Starting at the line that holds "by rewrite disjoints_subset", copy every line exactly through the end of the data, and no others.

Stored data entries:
[Start of section]

Lemma assembleP (g : {ffun bits q -> {set T}}) (h : {ffun bits q -> T}) :
  is_pairing g -> [forall x, h x \in g x] ->
  inj_into K (assemble g h) /\ pairs_of (assemble g h) = g.
Proof.
case/is_pairingP => g2 gD /forallP hg.
have hP x := partnerP (g2 x).1 (hg x).
have assemble_in b x : assemble g h (b, x) \in g x.
  by rewrite ffunE /=; case: b; [apply: hg | case: (hP x)].
split; last by apply/ffunP => x; rewrite !ffunE /=; case: (hP x) => _ _ <-.
apply/andP; split; last first.
  by apply/forallP => -[b x]; apply: (subsetP (g2 x).2); apply: assemble_in.
apply/injectiveP => -[b x] [b' y] e.
have [exy|/gD] := eqVneq x y; last first.
  by rewrite disjoints_subset => /subsetP /(_ _ (assemble_in b x)); rewrite inE e assemble_in.
subst y; congr (_, _); move: e; rewrite !ffunE /=; case: (hP x) => _ ne _.
by case: b; case: b' => // e; [rewrite -e eqxx in ne | rewrite e eqxx in ne].
Qed.

Lemma assemble_pairs_of (tau : {ffun bits q.+1 -> T}) :
  inj_into K tau -> assemble (pairs_of tau) [ffun x => tau (true, x)] = tau.
Proof.
case/andP => /injectiveP tau_inj _; apply/ffunP => -[[] x]; rewrite !ffunE //=.
have ne : tau (false, x) != tau (true, x) by rewrite (inj_eq tau_inj) xpair_eqE.
have := @partnerP [set tau (false, x); tau (true, x)] (tau (true, x)).
rewrite cards2 ne !inE eqxx orbT => /(_ erefl isT) [].
by move=> /orP[/eqP //|/eqP ->]; rewrite eqxx.
Qed.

[End of section]

EXERCISE ANSWER:
  by rewrite disjoints_subset => /subsetP /(_ _ (assemble_in b x)); rewrite inE e assemble_in.
subst y; congr (_, _); move: e; rewrite !ffunE /=; case: (hP x) => _ ne _.
by case: b; case: b' => // e; [rewrite -e eqxx in ne | rewrite e eqxx in ne].
Qed.

Lemma assemble_pairs_of (tau : {ffun bits q.+1 -> T}) :
  inj_into K tau -> assemble (pairs_of tau) [ffun x => tau (true, x)] = tau.
Proof.
case/andP => /injectiveP tau_inj _; apply/ffunP => -[[] x]; rewrite !ffunE //=.
have ne : tau (false, x) != tau (true, x) by rewrite (inj_eq tau_inj) xpair_eqE.
have := @partnerP [set tau (false, x); tau (true, x)] (tau (true, x)).
rewrite cards2 ne !inE eqxx orbT => /(_ erefl isT) [].
by move=> /orP[/eqP //|/eqP ->]; rewrite eqxx.
Qed.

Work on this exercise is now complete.